And to prove the versatility of the material, Darby’s grandson built an iron bridge across the Severn.

In 1779, there was no knowledge of welding and the bridge used woodwork joints. It rapidly became world famous. Records show that people came from America, France, Belgium, Prussia, Sweden, Poland and Venice to see the wonder of the age. The Tontine hotel was built nearby to accommodate the visitors and the town of Ironbridge gradually grew around it.

Through the Victorian era the heavy industry declined, but the area’s reputation did not. The Darbys’ Coalbrookdale works was by this time producing decorative metalwork of intricate beauty. Two miles downstream, the Coalport chinaworks was exporting its wares across the world. And on the Severn’s southern bank, the Jackfield factories were producing tiles and architectural ceramics.

But by 1920s the whole area was in deep decline. The pits of the Shropshire coalfield would last a few more years, but the Coalport china factories closed in 1926 and the Coalbrookdale works had shrunk down to a fraction of its former self.

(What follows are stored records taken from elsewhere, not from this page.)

Lemma ga_mul_classfunC s : (forall z g, s (z ^ g)%g = s z) ->
  forall a, ga_mul s a = ga_mul a s.
Proof.
move=> s_class a; apply/ffunP => g; rewrite !ffunE.
rewrite (reindex_inj (inj_comp (mulgI g) (@invg_inj _))) /=.
apply: eq_bigr => h _; rewrite mulrC invMg invgK mulgKV; congr (_ * _).
by rewrite -[RHS](s_class _ h^-1)%g conjgE invgK -mulgA mulKVg.
Qed.

Lemma Anh_classfun_ideal s : (forall z g, s (z ^ g)%g = s z) -> ga_ideal (Anh s).
Proof.
move=> s_class; have sC := ga_mul_classfunC s_class.
split; first by split; [apply: ga_mul0r | apply: ga_mulr0].
  by move=> a b [as0 sa0] [bs0 sb0]; rewrite /Anh ga_mulBl ga_mulBr as0 bs0 sa0 sb0 subr0.
move=> a r [as0 sa0]; split; split.
- by rewrite -ga_mulA as0 ga_mulr0.
- by rewrite ga_mulA sC -ga_mulA sa0 ga_mulr0.
- by rewrite -ga_mulA -sC ga_mulA as0 ga_mul0r.
- by rewrite ga_mulA sa0 ga_mul0r.
Qed.

Lemma s3_classfun z g : s3 F gT (z ^ g)%g = s3 F gT z.
Proof. by rewrite !ffunE p_eltJ. Qed.

End GroupAlgebra.

Section LcosetConstant.
Variables (F : comNzRingType) (gT : finGroupType) (N : {group gT}).
Implicit Types f : gT -> F.

Definition lcoset_const f := forall g n, n \in N -> f (g * n)%g = f g.

Lemma lcoset_constP f g h : lcoset_const f -> h \in (g *: N)%g -> f h = f g.
Proof. by move=> f_const; rewrite mem_lcoset => /(f_const g) <-; rewrite mulKVg. Qed.

Lemma sum_lcoset_const f g : lcoset_const f ->
  \sum_h f h * (h \in (g *: N)%g)%:R = #|N|%:R * f g.
Proof.
move=> f_const; rewrite (eq_bigr (fun h => if h \in (g *: N)%g then f h else 0)).
  rewrite -big_mkcond (eq_bigr (fun=> f g)) => [|h]; last exact: lcoset_constP.
  by rewrite sumr_const card_lcoset mulr_natl.
by move=> h _; case: (_ \in _); rewrite ?mulr1 ?mulr0.
Qed.

Lemma lcoset_const_mull f g n : ([set: gT] \subset 'N(N))%g -> lcoset_const f ->
  n \in N -> f (n * g)%g = f g.
Proof.
move=> nNG f_const n_in; have -> : (n * g = g * n ^ g)%g by rewrite conjgE mulKVg.
by rewrite f_const // memJ_norm // (subsetP nNG) ?inE.
Qed.

End LcosetConstant.

Section IndexThree.
Variables (F : comNzRingType) (gT : finGroupType) (N : {group gT}) (y : gT).
Hypotheses (F3 : 3%:R = 0 :> F) (N1 : #|N|%:R = 1 :> F).
Hypothesis nNG : ([set: gT] \subset 'N(N))%g.
Hypotheses (y3 : (y ^+ 3 = 1)%g) (yN : y \notin N).
Hypothesis cover : forall g, [|| g \in N, g \in (y *: N)%g | g \in (y^-1 *: N)%g].
Hypothesis p_elt3 : forall z, (3.-elt z)%g = (z == 1%g) || (z \notin N).

Implicit Types a b : {ffun gT -> F}.

Let yy : (y * y = y^-1)%g. Proof. by rewrite (invg_expg3 y3). Qed.
Let yVyV : (y^-1 * y^-1 = y)%g. Proof. by rewrite -invMg yy invgK. Qed.
Let yVN : (y^-1)%g \notin N. Proof. by rewrite groupV. Qed.

Lemma lcosets_indicator_sum h :
  ((h \in N) + (h \in (y *: N)%g) + (h \in (y^-1 *: N)%g))%N = 1%N.
Proof.
rewrite -[in h \in N](lcoset1 N).
case/or3P: (cover h); rewrite -?[in h \in N](lcoset1 N) => h_in;
  rewrite !(lcoset_transl _ h_in) !mem_lcoset ?invg1 ?invgK ?mul1g ?mulVg ?mulgV.
- by rewrite mulg1 mulg1 group1 (negPf yN) (negPf yVN).
- by rewrite yy (negPf yN) (negPf yVN) group1.
- by rewrite yVyV (negPf yN) (negPf yVN) group1.
Qed.

Lemma sum_lcoset_const3 (f : gT -> F) : lcoset_const N f ->
  \sum_h f h = f 1%g + f y + f y^-1%g.
Proof.
move=> f_const; rewrite -[f 1%g]mul1r -[f y]mul1r -[f y^-1%g]mul1r -N1.
rewrite -!(sum_lcoset_const _ f_const) lcoset1 -!big_split /=.
by apply: eq_bigr => h _; rewrite -!mulrDr -!natrD lcosets_indicator_sum mulr1.
Qed.

Lemma s3E z : s3 F gT z = (z == 1%g)%:R + 1 - (z \in N)%:R.
Proof.
rewrite ffunE p_elt3; case: eqP => [->|_]; first by rewrite group1 addrK.
by case: (z \in N); rewrite ?add0r ?subrr ?subr0.
Qed.

Lemma Anh_s3_lcoset_const a : ga_mul a (s3 F gT) = 0 ->
  lcoset_const N a /\ \sum_h a h = 0.
Proof.
move=> as0; pose S g := \sum_h a h * (h \in (g *: N)%g)%:R.
have aE g : a g = S g - \sum_h a h.
  have a1 : \sum_h a h * (h^-1 * g == 1)%g%:R = a g.
    rewrite -[RHS](congr1 (fun f : {ffun gT -> F} => f g) (ga_mulr1 a)) ffunE.
    by apply: eq_bigr => h _; rewrite ffunE.
  have : ga_mul a (s3 F gT) g = 0 by rewrite as0 ffunE.
  rewrite ffunE (eq_bigr (fun h => a h * (h^-1 * g == 1)%g%:R + a h
                                   - a h * (h \in (g *: N)%g)%:R)).
    rewrite sumrB big_split /= a1 => /eqP; rewrite subr_eq0 => /eqP E.
    by rewrite /S -E addrK.
  by move=> h _; rewrite s3E mulrBr mulrDr mulr1 mem_lcoset -groupV invMg invgK.
have S_const : lcoset_const N S.
  by move=> g n n_in; apply: eq_bigr => h _; rewrite lcosetM (lcoset_id n_in).
have a_const : lcoset_const N a by move=> g n n_in; rewrite !aE S_const.
split=> //; have := aE 1%g; rewrite /S sum_lcoset_const // N1 mul1r => a1E.
by rewrite -[LHS](subKr (a 1%g)) -a1E subrr.
Qed.

Lemma ga_mul_lcoset_const a b g : lcoset_const N a -> lcoset_const N b ->
  ga_mul a b g = a 1%g * b g + a y * b (y^-1 * g)%g + a y^-1%g * b (y * g)%g.
Proof.
move=> a_const b_const; rewrite ffunE sum_lcoset_const3 ?invg1 ?mul1g ?invgK //.
by move=> h n n_in; rewrite a_const // invMg -mulgA (lcoset_const_mull _ nNG) ?groupV.
Qed.

Lemma cyclic_conv3_const (a0 a1 a2 b0 b1 b2 : F) : a0 + a1 + a2 = 0 -> b0 + b1 + b2 = 0 ->
  a0 * b1 + a1 * b0 + a2 * b2 = a0 * b0 + a1 * b2 + a2 * b1 /\
  a0 * b2 + a1 * b1 + a2 * b0 = a0 * b0 + a1 * b2 + a2 * b1.
Proof.
move=> sa sb; have -> : a2 = - (a0 + a1) by rewrite -[LHS]subr0 -sa; ring.
have -> : b2 = - (b0 + b1) by rewrite -[LHS]subr0 -sb; ring.
split; apply/eqP; rewrite -subr_eq0; apply/eqP.
  by transitivity (3%:R * (a0 * b1 + a1 * b0 + a1 * b1)); [ring | rewrite F3 mul0r].
by transitivity (3%:R * (a1 * b1 - a0 * b0)); [ring | rewrite F3 mul0r].
Qed.

Lemma ga_mul_aug0_cst a b : lcoset_const N a -> \sum_h a h = 0 ->
  lcoset_const N b -> \sum_h b h = 0 -> forall g, ga_mul a b g = ga_mul a b 1%g.
Proof.
move=> a_const sa b_const sb g; rewrite !ga_mul_lcoset_const // !mulg1.
rewrite !(sum_lcoset_const3 a_const, sum_lcoset_const3 b_const) in sa sb.
have [conv_y conv_yV] := cyclic_conv3_const sa sb.
have b1 n : n \in N -> b n = b 1%g by move=> n_in; rewrite -[n]mul1g b_const.
case/or3P: (cover g) => [g_in | /lcosetP[n n_in ->] | /lcosetP[n n_in ->]].
- by rewrite !b_const // (b1 g).
- by rewrite (mulKg y n) !mulgA yy !b_const // (b1 n) // conv_y.
- by rewrite mulgA yVyV mulKVg !b_const // (b1 n) // conv_yV.
Qed.

Lemma Anh_s3_nilpotent : ga_nilpotent (Anh (s3 F gT)).
Proof.
exists 3%N; split=> // -[|a [|b [|c [|? ?]]]] // _ Anh_abc.
have aug x : x \in [:: a; b; c] -> lcoset_const N x /\ \sum_h x h = 0.
  by case/Anh_abc => xs0 _; apply: Anh_s3_lcoset_const.
have [|_ sa] := aug a; first by rewrite inE eqxx.
have [|b_const sb] := aug b; first by rewrite !inE eqxx orbT.
have [|c_const sc] := aug c; first by rewrite !inE eqxx !orbT.
apply/ffunP => g; rewrite /= ga_mulr1 [RHS]ffunE.
by rewrite (ga_mulr_cst a (ga_mul_aug0_cst b_const sb c_const sc)) sa mul0r.
Qed.

End IndexThree.

Theorem proposition3p3
  (F : finFieldType) (hchar : (3 \in [pchar F])%N)
  (k : nat) (t : int)
  (ht3 : (t ^+ 3 == 1 %[mod (3 * k + 1)%N])%Z)
  (htg : gcdz (3 * k + 1)%N (t - 1) = 1%N)
  (gT : finGroupType) (x y : gT)
  (hx : (x ^+ (3 * k + 1))%g = 1%g) (hy : (y ^+ 3)%g = 1%g)
  (hxy : (x ^ y)%g = (x ^+ `|(t %% (3 * k + 1)%N)%Z|%N)%g)
  (hgen : <<[set x; y]>>%g = [set: gT])
  (hcard : #|gT| = (3 * (3 * k + 1))%N) :
  ga_ideal (Anh (@s3 F gT)) /\ ga_nilpotent (Anh (@s3 F gT)).
Proof.
set m := (3 * k + 1)%N in ht3 htg hx hxy hcard.
set c := `|(t %% m)%Z|%N in hxy.
have m_coprime3 : ~~ (3 %| m)%N by rewrite /m dvdn_addr ?dvdn_mulr.
have xc : (x ^+ (c * c + c + 1) = 1)%g.
  have c_mod : (c%:Z == t %[mod m])%Z.
    by rewrite /c gez0_abs ?modz_mod // modz_ge0 // eqz_nat /m addn1.
  have := dvdz_sqr_add_add1 ht3 _ c_mod; rewrite /coprimez htg => /(_ isT).
  rewrite expr2 -PoszM -!PoszD => /dvdnP[q /= ->].
  by rewrite mulnC expgM hx expg1n.
have F3 : 3%:R = 0 :> F := pcharf0 hchar.
have N1 : #|<[x]>%G|%:R = 1 :> F.
  by rewrite (card_cycle_m hx hy hxy) // /m natrD natrM F3 mul0r add0r.
split; first exact/Anh_classfun_ideal/s3_classfun.
apply: (Anh_s3_nilpotent F3 N1 (norm_cycle_setT hxy hgen) hy).
- exact: (notin_cycle_y hx hy hxy hgen hcard).
- exact: (lcosets_cycle_cover hy hxy hgen).
- exact: (p_elt3_cycle hx hy hxy xc hgen hcard).
Qed.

The slow slide into honourable obscurity was halted in 1963, when the government designated the whole area as a new town. Named Telford, after the 18th century engineer, Thomas, who built roads and canals in the area, the new town was centred on the old mining villages of Dawley and Madeley.

To the north it enveloped the market town of Wellington, and its southern boundary was the Gorge, by now largely derelict.

Forty years later the changes are dramatic. Huge estates and massive inward investment have brought people and jobs to the town. The Darbys’ successors still make iron goods, in the form of the popular Aga cooker. The industrial heritage is in the care of the Ironbridge Gorge Museum Trust, a charity that has cannily used every grant to ensure that future generations could come and see how their forefathers worked and lived.